Content starts
(* Let $K'\subset K\subset\mathbb{R}^n$, $\delta>0$, $\sigma>0$, and let $\nu_1,\dots,\nu_M\in K'$ be a maximal $\delta$-packing of $K'$ (i.e. $\|\nu_i-\nu_j\|\ge\delta$ for $i\ne j$ and no further point of $K'$ can be added). Suppose $\mu\in K'$ and $Y=\mu+\xi$ with $\xi\sim N(0,\sigma^2\mathbb{I}_n)$, and let $i^*\in\arg\min_i\|Y-\nu_i\|$. Then for any fixed $C>2$, $$\mathbb{P}(\|\nu_{i^*}-\mu\|>(C+1)\delta)\le M\exp\big(-(C-2)^2\delta^2/(8\sigma^2)\big).$$
   Context: $\|\cdot\|$ is the Euclidean norm. *)

From HB Require Import structures.
From mathcomp Require Import all_boot all_order all_algebra.
From mathcomp Require Import all_classical all_reals all_analysis.
Set Implicit Arguments. Unset Strict Implicit. Unset Printing Implicit Defensive.
Import Order.TTheory GRing.Theory Num.Theory.
Local Open Scope classical_set_scope.
Local Open Scope ring_scope.

(* Euclidean norm on R^n, represented as row vectors 'rV[R]_n.
   (The library's `|v| on matrices is the sup norm, so we define it.) *)
Definition enorm {R : realType} {n : nat} (v : 'rV[R]_n) : R :=
  Num.sqrt (\sum_(i < n) v ord0 i ^+ 2).

Definition is_packing {R : realType} {n M : nat} (K' : set 'rV[R]_n)
  (delta : R) (nu : 'I_M -> 'rV[R]_n) : Prop :=
  (forall i, K' (nu i)) /\
  (forall i j, i != j -> delta <= enorm (nu i - nu j)).

Definition is_maximal_packing {R : realType} {n M : nat} (K' : set 'rV[R]_n)
  (delta : R) (nu : 'I_M -> 'rV[R]_n) : Prop :=
  is_packing K' delta nu /\
  (forall x, K' x -> exists i, enorm (x - nu i) < delta).

(* xi : T -> R^n has law N(0, sigma^2 I_n): its coordinates are measurable
   and jointly distributed as independent N(0, sigma^2) variables, i.e. the
   law of xi agrees with the product Gaussian measure on all measurable
   rectangles (which determines the law). *)
Definition is_std_gaussian_vector {R : realType} {d : measure_display}
  {T : measurableType d} (P : probability T R) (n : nat) (sigma : R)
  (xi : T -> 'rV[R]_n) : Prop :=
  (forall i : 'I_n, measurable_fun setT (fun w => xi w ord0 i)) /\
  (forall B : 'I_n -> set R, (forall i, measurable (B i)) ->
     P [set w | forall i, B i (xi w ord0 i)] =
     (\prod_(i < n) normal_prob 0 sigma (B i))%E).

From HB Require Import structures.
From mathcomp Require Import all_boot all_order all_algebra.
From mathcomp Require Import all_classical all_reals all_analysis.
From mathcomp Require Import measurable_realfun ring lra.

Import Order.TTheory GRing.Theory Num.Theory.
Local Open Scope classical_set_scope.
Local Open Scope ring_scope.

(* By maximality some packing point [nu i0] lies within [delta] of [mu]. If the
   point [nu i] nearest to [Y] is far from [mu], then [Y] is at least as close
   to [nu i] as to [nu i0], i.e. the Gaussian variable [<nu i - nu i0, xi>]
   exceeds [(|nu i - mu|^2 - |nu i0 - mu|^2) / 2]. Its moment generating
   function is computed coordinatewise from the product form of the law of
   [xi], so a Chernoff bound together with
   [|nu i - mu| - |nu i0 - mu| <= |nu i - nu i0| <= |nu i - mu| + |nu i0 - mu|]
   bounds this probability by [exp (-(C - 2)^2 delta^2 / (8 sigma^2))]; a union
   bound over the [M] packing points concludes. *)

Section finite_measure_facts.
Context {d} {T : measurableType d} {R : realType}.

Lemma measurable_ler_set (f g : T -> R) :
  measurable_fun setT f -> measurable_fun setT g -> measurable [set w | f w <= g w].
Proof.
have mtrue : measurable [set true] by [].
move=> mf mg; have := measurable_fun_ler mf mg measurableT mtrue.
by rewrite setTI.
Qed.

Lemma measurable_minimizer_set (I : finType) (f : I -> T -> R) (S : pred I) :
  (forall i, measurable_fun setT (f i)) ->
  measurable [set w | exists i, (forall j, f i w <= f j w) /\ S i].
Proof.
move=> mf.
have -> : [set w | exists i, (forall j, f i w <= f j w) /\ S i] =
    \bigcup_(i in [set i | S i]) \bigcap_(j in setT) [set w | f i w <= f j w].
  apply/seteqP; split => w /=.
  - by move=> [i [fi Si]]; exists i => // j _; exact: fi.
  - by move=> [i Si fi]; exists i; split => // j; exact: fi.
apply: fin_bigcup_measurable; first exact: finite_finset.
move=> i _; apply: fin_bigcap_measurable; first exact: finite_finset.
by move=> j _; exact: measurable_ler_set.
Qed.

Local Open Scope ereal_scope.

Lemma le_measure_fin_cover (mu : {measure set T -> \bar R}) {I : finType}
    {A : set T} {F : I -> set T} :
  measurable A -> (forall i, measurable (F i)) -> A `<=` \bigcup_i F i ->
  mu A <= \sum_i mu (F i).
Proof.
move=> mA mF AF.
have := @content_sub_fsum _ _ _ mu _ [set: I] _ _ finite_finset (fun i _ => mF i) mA AF.
rewrite (fsbigE (index_enum I)) ?index_enum_uniq //; last first.
  by move=> i _; rewrite mem_index_enum.
move=> /le_trans; apply; rewrite (eq_bigl xpredT) // => i; exact: in_setT.
Qed.

End finite_measure_facts.

Section weighted_pushforward.
Local Open Scope ereal_scope.
Context {R : realType} {d} {T : measurableType d} {d'} {U : measurableType d'}.
Variables (mu : {measure set T -> \bar R}) (nu : {measure set U -> \bar R}).
Variables (X : T -> U) (G : T -> R) (c : \bar R).
Hypotheses (mX : measurable_fun setT X) (mG : measurable_fun setT G)
  (G_ge0 : forall w, (0 <= G w)%R) (c_fin : c \is a fin_num).
Hypothesis integral_indic_weighted : forall B, measurable B ->
  \int[mu]_w (\1_B (X w) * G w)%:E = c * nu B.

Import HBNNSimple.

Let integral_nnsfun_weighted (f : {nnsfun U >-> R}) :
  \int[mu]_w (f (X w) * G w)%:E = c * \int[nu]_x (f x)%:E.
Proof.
rewrite integral_nnsfun// patch_setT sintegralE.
transitivity (\int[mu]_w
    (\sum_(y \in range f) (y * (\1_(f @^-1` [set y]) (X w) * G w))%:E)).
  apply: eq_integral => w _; rewrite fsumEFin // fimfunE; congr EFin.
  rewrite fsbig_finite //= fsbig_finite //= big_distrl /=.
  by apply: eq_bigr => y _; rewrite mulrA.
rewrite ge0_integral_fsum //; last first.
- move=> y w _; rewrite mulrA lee_fin mulr_ge0 //.
  by rewrite -lee_fin EFinM nnfun_muleindic_ge0.
- move=> y; apply/measurable_EFinP; apply: measurable_funM => //.
  by apply: measurable_funM => //; exact: measurableT_comp.
rewrite ge0_mule_fsumr; last by move=> y; exact: nnsfun_mulemu_ge0.
apply: eq_fsbigr => y /[!inE] -[t _ <-] {y}.
under eq_integral do rewrite mulrA -mulrA EFinM.
rewrite ge0_integralZl_EFin //.
- by rewrite integral_indic_weighted 1?muleCA //; exact: measurable_sfunP.
- by move=> w _; rewrite lee_fin mulr_ge0.
- apply/measurable_EFinP; apply: measurable_funM => //.
  by apply: measurableT_comp => //; apply: measurable_indic; exact: measurable_sfunP.
Qed.

Lemma ge0_integral_weighted (g : U -> R) :
  measurable_fun setT g -> (forall x, (0 <= g x)%R) ->
  \int[mu]_w (g (X w) * G w)%:E = c * \int[nu]_x (g x)%:E.
Proof.
move=> mg g_ge0; have mEg : measurable_fun setT (EFin \o g) by exact/measurable_EFinP.
pose h := nnsfun_approx measurableT mEg.
have h_cvg x : (fun k => (h k x)%:E) @ \oo --> (g x)%:E.
  by apply: (cvg_nnsfun_approx measurableT) => // y _; rewrite lee_fin.
have h_nd x : {homo (fun k => h k x) : a b / (a <= b)%N >-> (a <= b)%R}.
  by move=> a b ab; exact/lefP/nd_nnsfun_approx.
have h_int_nd : nondecreasing_seq (fun k => \int[nu]_x (h k x)%:E).
  move=> a b ab; apply: ge0_le_integral => //.
  - by move=> x _; rewrite lee_fin.
  - exact/measurable_EFinP.
  - exact/measurable_EFinP.
  - by move=> x _; rewrite lee_fin; exact: h_nd.
transitivity (\int[mu]_w limn (fun k => (h k (X w) * G w)%:E)).
  apply: eq_integral => w _; apply/esym/cvg_lim => //.
  rewrite EFinM; under eq_fun do rewrite EFinM.
  exact: cvgeZr (h_cvg _).
rewrite monotone_convergence //; last 3 first.
- move=> k; apply/measurable_EFinP; apply: measurable_funM => //.
  exact: measurableT_comp.
- by move=> k w _; rewrite lee_fin mulr_ge0.
- by move=> w _ a b ab; rewrite lee_fin ler_wpM2r // h_nd.
under eq_fun do rewrite integral_nnsfun_weighted.
rewrite limeMl //; last exact: ereal_nondecreasing_is_cvgn.
congr (_ * _); rewrite -monotone_convergence //.
- by apply: eq_integral => x _; apply: cvg_lim => //; exact: h_cvg.
- by move=> k; apply/measurable_EFinP.
- by move=> k x _; rewrite lee_fin.
- by move=> x _ a b ab; rewrite lee_fin; exact: h_nd.
Qed.

End weighted_pushforward.

Section normal_mgf.
Local Open Scope ereal_scope.
Context {R : realType}.

Lemma ge0_integral_normal_prob (m s : R) (g : R -> R) :
  measurable_fun setT g -> (forall x, (0 <= g x)%R) ->
  \int[normal_prob m s]_x (g x)%:E =
  \int[lebesgue_measure]_x (g x * normal_pdf m s x)%:E.
Proof.
move=> mg g_ge0; rewrite -[LHS]mul1e; apply/esym.
apply: (ge0_integral_weighted lebesgue_measure (normal_prob m s) id) => //.
- exact: measurable_normal_pdf.
- exact: normal_pdf_ge0.
- move=> B mB; rewrite mul1e /normal_prob [RHS]integral_mkcond epatch_indic.
  by apply: eq_integral => x _; rewrite /= EFinM muleC.
Qed.

(* Completing the square in the exponent. *)
Lemma expR_mul_normal_fun (s a x : R) : s != 0%R ->
  (expR (a * x) * normal_fun 0 s x =
   expR (a ^+ 2 * s ^+ 2 / 2) * normal_fun (a * s ^+ 2) s x)%R.
Proof.
by move=> s0; rewrite /normal_fun -!expRD; congr expR; field.
Qed.

Lemma normal_mgf (s a : R) : s != 0%R ->
  \int[normal_prob 0 s]_x (expR (a * x))%:E = (expR (a ^+ 2 * s ^+ 2 / 2))%:E.
Proof.
move=> s0; rewrite ge0_integral_normal_prob //; last first.
  by apply: measurableT_comp; [exact: measurable_expR | exact: measurable_funM].
transitivity (\int[lebesgue_measure]_x
    ((expR (a ^+ 2 * s ^+ 2 / 2))%:E * (normal_pdf (a * s ^+ 2) s x)%:E)).
  apply: eq_integral => x _; rewrite -EFinM !normal_pdfE //=.
  by rewrite mulrCA expR_mul_normal_fun // mulrCA.
rewrite ge0_integralZl_EFin //.
- by rewrite integral_normal_pdf mule1.
- by move=> x _; rewrite lee_fin normal_pdf_ge0.
- by apply/measurable_EFinP; exact: measurable_normal_pdf.
Qed.

End normal_mgf.

Section euclidean.
Context {R : realType} {n : nat}.
Implicit Types a b c p q x : 'rV[R]_n.

Definition dotr p q := \sum_k p ord0 k * q ord0 k.

Lemma dotrBl p q x : dotr (p - q) x = dotr p x - dotr q x.
Proof. by rewrite /dotr -sumrB; apply: eq_bigr => k _; rewrite !mxE mulrBl. Qed.

Lemma sqr_enorm p : enorm p ^+ 2 = dotr p p.
Proof.
rewrite sqr_sqrtr; last by apply: sumr_ge0 => k _; exact: sqr_ge0.
by apply: eq_bigr => k _; rewrite expr2.
Qed.

Lemma enorm_ge0 p : 0 <= enorm p.
Proof. exact: sqrtr_ge0. Qed.

Lemma enormN p : enorm (- p) = enorm p.
Proof. by congr Num.sqrt; apply: eq_bigr => k _; rewrite mxE sqrrN. Qed.

Lemma sqr_enormD p q :
  enorm (p + q) ^+ 2 = enorm p ^+ 2 + 2 * dotr p q + enorm q ^+ 2.
Proof.
rewrite !sqr_enorm /dotr mulr_sumr -!big_split /=.
by apply: eq_bigr => k _; rewrite mxE; ring.
Qed.

(* Lagrange's identity: [2 (|p|^2 |q|^2 - <p,q>^2)] is a sum of squares. *)
Lemma sqr_dotr_le p q : dotr p q ^+ 2 <= enorm p ^+ 2 * enorm q ^+ 2.
Proof.
rewrite !sqr_enorm; pose a k := p ord0 k; pose b k := q ord0 k.
have e1 : dotr p p * dotr q q = \sum_i \sum_j a i * a i * (b j * b j).
  by rewrite mulr_suml; apply: eq_bigr => i _; rewrite mulr_sumr.
have e2 : dotr p p * dotr q q = \sum_i \sum_j a j * a j * (b i * b i).
  rewrite mulrC mulr_suml; apply: eq_bigr => i _; rewrite mulr_sumr.
  by apply: eq_bigr => j _; rewrite mulrC.
have e3 : dotr p q ^+ 2 = \sum_i \sum_j a i * b i * (a j * b j).
  by rewrite expr2 mulr_suml; apply: eq_bigr => i _; rewrite mulr_sumr.
have lagrange : \sum_i \sum_j (a i * b j - a j * b i) ^+ 2 =
    2 * (dotr p p * dotr q q - dotr p q ^+ 2).
  rewrite mulrBr mulr_natl mulr2n {1}e1 e2 e3 -big_split /= mulr_sumr -sumrB.
  apply: eq_bigr => i _; rewrite -big_split /= mulr_sumr -sumrB.
  by apply: eq_bigr => j _; ring.
have : 0 <= \sum_i \sum_j (a i * b j - a j * b i) ^+ 2.
  by apply: sumr_ge0 => i _; apply: sumr_ge0 => j _; exact: sqr_ge0.
by rewrite lagrange pmulr_rge0 // subr_ge0.
Qed.

Lemma ler_dotr p q : dotr p q <= enorm p * enorm q.
Proof.
have := sqr_dotr_le p q; rewrite -exprMn.
have := mulr_ge0 (enorm_ge0 p) (enorm_ge0 q); nra.
Qed.

Lemma ler_enormB p q : enorm (p - q) <= enorm p + enorm q.
Proof.
have pq := ler_dotr p (- q); rewrite enormN in pq.
rewrite -(ler_pXn2r (_ : 0 < 2)%N) ?nnegrE ?addr_ge0 ?enorm_ge0 //.
rewrite sqr_enormD enormN sqrrD; lra.
Qed.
Content ends
In the entries above, find the line holding "apply: eq_integral => x _; rewrite -EFinM" and the line holding "by apply: sumr_ge0 => i"; print both of them and every line between, exactly, and nothing else.

--- Finished task ---
  apply: eq_integral => x _; rewrite -EFinM !normal_pdfE //=.
  by rewrite mulrCA expR_mul_normal_fun // mulrCA.
rewrite ge0_integralZl_EFin //.
- by rewrite integral_normal_pdf mule1.
- by move=> x _; rewrite lee_fin normal_pdf_ge0.
- by apply/measurable_EFinP; exact: measurable_normal_pdf.
Qed.

End normal_mgf.

Section euclidean.
Context {R : realType} {n : nat}.
Implicit Types a b c p q x : 'rV[R]_n.

Definition dotr p q := \sum_k p ord0 k * q ord0 k.

Lemma dotrBl p q x : dotr (p - q) x = dotr p x - dotr q x.
Proof. by rewrite /dotr -sumrB; apply: eq_bigr => k _; rewrite !mxE mulrBl. Qed.

Lemma sqr_enorm p : enorm p ^+ 2 = dotr p p.
Proof.
rewrite sqr_sqrtr; last by apply: sumr_ge0 => k _; exact: sqr_ge0.
by apply: eq_bigr => k _; rewrite expr2.
Qed.

Lemma enorm_ge0 p : 0 <= enorm p.
Proof. exact: sqrtr_ge0. Qed.

Lemma enormN p : enorm (- p) = enorm p.
Proof. by congr Num.sqrt; apply: eq_bigr => k _; rewrite mxE sqrrN. Qed.

Lemma sqr_enormD p q :
  enorm (p + q) ^+ 2 = enorm p ^+ 2 + 2 * dotr p q + enorm q ^+ 2.
Proof.
rewrite !sqr_enorm /dotr mulr_sumr -!big_split /=.
by apply: eq_bigr => k _; rewrite mxE; ring.
Qed.

(* Lagrange's identity: [2 (|p|^2 |q|^2 - <p,q>^2)] is a sum of squares. *)
Lemma sqr_dotr_le p q : dotr p q ^+ 2 <= enorm p ^+ 2 * enorm q ^+ 2.
Proof.
rewrite !sqr_enorm; pose a k := p ord0 k; pose b k := q ord0 k.
have e1 : dotr p p * dotr q q = \sum_i \sum_j a i * a i * (b j * b j).
  by rewrite mulr_suml; apply: eq_bigr => i _; rewrite mulr_sumr.
have e2 : dotr p p * dotr q q = \sum_i \sum_j a j * a j * (b i * b i).
  rewrite mulrC mulr_suml; apply: eq_bigr => i _; rewrite mulr_sumr.
  by apply: eq_bigr => j _; rewrite mulrC.
have e3 : dotr p q ^+ 2 = \sum_i \sum_j a i * b i * (a j * b j).
  by rewrite expr2 mulr_suml; apply: eq_bigr => i _; rewrite mulr_sumr.
have lagrange : \sum_i \sum_j (a i * b j - a j * b i) ^+ 2 =
    2 * (dotr p p * dotr q q - dotr p q ^+ 2).
  rewrite mulrBr mulr_natl mulr2n {1}e1 e2 e3 -big_split /= mulr_sumr -sumrB.
  apply: eq_bigr => i _; rewrite -big_split /= mulr_sumr -sumrB.
  by apply: eq_bigr => j _; ring.
have : 0 <= \sum_i \sum_j (a i * b j - a j * b i) ^+ 2.
  by apply: sumr_ge0 => i _; apply: sumr_ge0 => j _; exact: sqr_ge0.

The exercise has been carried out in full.